A motorcycle chainsawed past the trailer, reminding Greer that people who might help were still in the vicinity. She started screaming, the old-fashioned 911, and was shocked, and strangely thrilled, by her stabbing pitch and volume. Since being cool had become a thing—around middle school and the move to the Last Resort, she’d kept her voice apathetic. There was something breathtaking about her soaring, feminine shriek.
But all her screams did was attract more of the rabid, More hands slapped the siding. Someone was tearing off a shutter. It sounded like someone had crawled under the bathroom and was clobbering the waste tank. Most worrisome were the heavy cracks of something blunt striking the trailer’s far corner, likely Drasko Zorić’s baseball bat. The good news was the trailer corner was a senseless target. The bad news was that, until then, none of the rabid had shown the wherewithal to operate tools.
Maybe They’re smarter than They seem.
She was getting the fuck out of this trailer. It was all she’d ever wanted to do.

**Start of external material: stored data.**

(* The residue field F = O/m is formally real: -1 is not a sum of squares in F,
   i.e. there are no a_1..a_n in O with 1 + sum a_i^2 in m. *)
Definition residue_formally_real (K : fieldType) (G : zmodType) (le : rel G)
  (nu : K -> option G) : Prop :=
  forall s : seq K, all (in_valring le nu) s ->
    ~~ in_maxideal le nu (1 + \sum_(a <- s) a ^+ 2).

Definition klinear (K : fieldType) (H : falgType K) (f : H -> K) : Prop :=
  forall (a : K) (x y : H), f (a *: x + y) = a * f x + f y.

Definition symmetrizing_form (K : fieldType) (H : falgType K) (tau : H -> K) : Prop :=
  [/\ klinear tau,
      forall x y : H, tau (x * y) = tau (y * x) &
      forall x : H, (forall y : H, tau (x * y) = 0) -> x = 0].

Definition involutive_antiautomorphism (K : fieldType) (H : falgType K)
    (star : H -> H) : Prop :=
  [/\ forall (a : K) (x y : H), star (a *: x + y) = a *: star x + star y,
      forall x y : H, star (x * y) = star y * star x,
      star 1 = 1 &
      involutive star].

(* ---------- Split semisimple: H ~= prod_lambda M_{d lambda}(K) ----------
   rho lambda : H -> M_{d lambda}(K) is the representation afforded by the
   simple module indexed by lambda. *)
Definition split_semisimple_data (K : fieldType) (H : falgType K) (L : finType)
    (d : L -> nat) (rho : forall l : L, H -> 'M[K]_(d l)) : Prop :=
  (forall l, (0 < d l)%N) /\
  [/\ forall l (a : K) (x y : H), rho l (a *: x + y) = a *: rho l x + rho l y,
      forall l (x y : H), rho l (x * y) = rho l x *m rho l y,
      forall l, rho l 1 = 1%:M,
      forall x y : H, (forall l, rho l x = rho l y) -> x = y &
      forall M : (forall l : L, 'M[K]_(d l)), exists h : H, forall l, rho l h = M l].

Definition character (K : fieldType) (H : falgType K) (L : finType)
    (d : L -> nat) (rho : forall l : L, H -> 'M[K]_(d l)) (l : L) (h : H) : K :=
  \tr (rho l h).

Definition schur_elements (K : fieldType) (H : falgType K) (L : finType)
    (d : L -> nat) (rho : forall l : L, H -> 'M[K]_(d l)) (tau : H -> K)
    (c : L -> K) : Prop :=
  (forall l, c l != 0) /\
  (forall h : H, tau h = \sum_(l : L) (c l)^-1 * character rho l h).

Definition star_symmetric_basis (K : fieldType) (H : falgType K) (tau : H -> K)
    (star : H -> H) (B : seq H) : Prop :=
  [/\ basis_of fullv B,
      {in B, forall b, star b \in B} &
      {in B &, forall b c, tau (b * star c) = (b == c)%:R}].

From HB Require Import structures.
From mathcomp Require Import all_boot all_order all_algebra all_field.
Set Implicit Arguments. Unset Strict Implicit. Unset Printing Implicit Defensive.
Import GRing.Theory.
Local Open Scope ring_scope.
(* rho^vee : a linear functional on h^* with <alpha_i, rho^vee> = 1, 0 <= i <= n *)
Definition is_rho_check (phi : hs -> R) : Prop :=
  [/\ forall u v, phi (hadd u v) = phi u + phi v,
      forall k u, phi (hscale k u) = k * phi u &
      forall i, (i <= n)%N -> phi (alpha i) = 1].

Definition atomic_length (phi : hs -> R) (g : hs -> hs) : R :=
  phi (hsub Lambda0 (g Lambda0)).

(* L_{Lambda0}(w f^j) := L_{Lambda0}(sigma_j pi_j(w)) *)
Definition atomic_length_ext (phi : hs -> R) (w : hs -> hs) (j : nat) : R :=
  atomic_length phi (sigma j \o pi_ j w).

End Affine.

From HB Require Import structures.
From mathcomp Require Import all_boot all_order all_algebra.
From mathcomp Require Import zify ring.
Set Implicit Arguments. Unset Strict Implicit. Unset Printing Implicit Defensive.
Import Order.TTheory GRing.Theory Num.Theory.
Local Open Scope ring_scope.

(* Every map occurring in the theorem sends Lambda0 to a level-one weight
   v = Lambda0 + x + d delta with x in V0: the simple reflections, sigma_j and
   sigma_j^-1 all preserve this affine subspace.  On it every rho^vee gives
   <Lambda0 - v, rho^vee> = sum_k k x_k - (n+1) d (coordinates indexed from 0),
   because <eps_k - eps_(k+1), rho^vee> = 1 and <delta, rho^vee> = h = n+1.
   In sigma_j = t_(omega_j) w_(0,j) w_0 the factor w_(0,j) w_0 rotates the
   coordinates by j, and the translation by omega_j exactly compensates the
   resulting change of sum_k k x_k.  So left multiplication by sigma_j never
   changes the atomic length, and (2) is the case g = pi_j(w) of that fact. *)

Section LevelOne.
Variables (R : realFieldType) (n : nat).

Local Notation N := (n.+1)%:R.
Implicit Types (x y : 'rV[R]_n.+1) (v : hs R n).

Definition coord_sum (x : 'rV[R]_n.+1) : R := \sum_(k < n.+1) x 0 k.

Definition level_one (v : hs R n) : Prop := hL v = 1 /\ coord_sum (hx v) = 0.

Definition rho_gap (v : hs R n) : R :=
  \sum_(k < n.+1) k%:R * hx v 0 k - N * hd v.

Lemma coord_sumD x y : coord_sum (x + y) = coord_sum x + coord_sum y.
Proof. by rewrite /coord_sum -big_split; apply: eq_bigr => k _; rewrite mxE. Qed.

Lemma coord_sumZ c x : coord_sum (c *: x) = c * coord_sum x.
Proof. by rewrite /coord_sum mulr_sumr; apply: eq_bigr => k _; rewrite mxE. Qed.

Lemma coord_sumB x y : coord_sum (x - y) = coord_sum x - coord_sum y.
Proof. by rewrite coord_sumD -scaleN1r coord_sumZ mulN1r. Qed.

Lemma coord_sum_delta (k : 'I_n.+1) : coord_sum 'e_k = 1.
Proof.
rewrite /coord_sum (bigD1 k) //= mxE !eqxx big1 ?addr0 // => l /negbTE lk.
by rewrite mxE lk andbF.
Qed.

Lemma coord_sum_perm (p : 'I_n.+1 -> 'I_n.+1) x :
  injective p -> coord_sum (\row_k x 0 (p k)) = coord_sum x.
Proof.
move=> p_inj; rewrite /coord_sum [RHS](reindex_inj p_inj).
by apply: eq_bigr => k _; rewrite mxE.
Qed.

Lemma alpha0E : alpha R n 0 = HS ('e_ord_max - 'e_ord0) 0 1.
Proof.
by rewrite /alpha /=; congr HS; apply/rowP => k; rewrite !mxE -!val_eqE /= opprB.
Qed.

Lemma alphaSE k : (k < n)%N ->
  alpha R n k.+1 = HS ('e_(inord k) - 'e_(inord k.+1)) 0 0.
Proof.
move=> kn; rewrite /alpha /=; congr HS; apply/rowP => l.
by rewrite !mxE -!val_eqE /= !inordK //; lia.
Qed.

Lemma coord_sum_alpha i : (i <= n)%N -> coord_sum (hx (alpha R n i)) = 0.
Proof.
case: i => [|k] kn; first by rewrite alpha0E coord_sumB !coord_sum_delta subrr.
by rewrite alphaSE // coord_sumB !coord_sum_delta subrr.
Qed.

Lemma level_one_sref i v : (i <= n)%N -> level_one v -> level_one (sref i v).
Proof.
move=> i_n [vL vS]; have aL : hL (alpha R n i) = 0 by rewrite /alpha; case: eqP.
split; first by rewrite /= aL vL !mulr0 addr0.
by rewrite /= coord_sumD !coord_sumZ coord_sum_alpha // vS !mulr0 addr0.
Qed.

Lemma level_one_inW w v : inW w -> level_one v -> level_one (w v).
Proof.
case=> l [l_n ->]; elim: l l_n => [|i l IHl] //= /andP[i_n l_n] v1.
exact/level_one_sref/IHl.
Qed.

Lemma level_one_transl x v : coord_sum x = 0 -> level_one v -> level_one (transl x v).
Proof. by move=> xS [vL vS]; split; rewrite //= coord_sumD coord_sumZ xS vS mulr0 addr0. Qed.

Lemma level_one_pact p v : injective p -> level_one v -> level_one (pact p v).
Proof. by move=> p_inj [vL vS]; split; rewrite //= coord_sum_perm. Qed.

Lemma level_one_Lambda0 : level_one (Lambda0 R n).
Proof. by split; rewrite //= /coord_sum big1 // => k _; rewrite mxE. Qed.

Lemma sum_nat_lt (G : nat -> R) j : (j <= n.+1)%N ->
  \sum_(k < n.+1) ((k < j)%N : nat)%:R * G k = \sum_(0 <= k < j) G k.
Proof.
move=> jn; rewrite big_mkord (big_ord_widen _ _ jn) [RHS]big_mkcond /=.
by apply: eq_bigr => k _; case: ifP; rewrite ?mul1r ?mul0r.
Qed.

Lemma coord_sum_omega j : (j <= n.+1)%N -> coord_sum (omega R n j) = 0.
Proof.
move=> jn; rewrite /coord_sum.
under eq_bigr do rewrite mxE -[X in X - _]mulr1.
rewrite sumrB (sum_nat_lt (fun=> 1)) // sumr_const_nat sumr_const card_ord subn0.
by rewrite -[_ *+ n.+1]mulr_natr divfK ?subrr // pnatr_eq0.
Qed.

Definition w0j_perm (j : nat) (k : 'I_n.+1) : 'I_n.+1 :=
  inord (if (k < j)%N then (j.-1 - k)%N else (j + n - k)%N).

(* w_(0,j) w_0 acts on coordinates as the cyclic shift k |-> k - j mod n+1. *)
Definition rotation (j : nat) (k : 'I_n.+1) : 'I_n.+1 := rev_ord (w0j_perm j k).

Lemma pact_comp p q v : pact p (pact q v) = pact (q \o p) v.
Proof. by congr HS; apply/rowP => k; rewrite !mxE. Qed.

Lemma w0j_w0 j v : w0j j (w0 v) = pact (rotation j) v.
Proof. exact: pact_comp. Qed.

Lemma w0j_perm_val j k : (j <= n.+1)%N ->
  (w0j_perm j k : nat) = if (k < j)%N then (j.-1 - k)%N else (j + n - k)%N.
Proof. by move=> jn; rewrite /w0j_perm inordK //; have := ltn_ord k; case: ifP; lia. Qed.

There was nothing useful in the bathroom. She made for the wobbling hallway. The second she hit the main room, Sam Hell’s arm punched through the window over the sofa. The chicken wire popped free, and Greer felt pulled nails, cold as ice chips, patter her side. She jagged right, dodging Sam Hell’s hand by inches, You are reaching for a Greer Morgan, said a voice in her head, who has been disconnected or is no longer in service.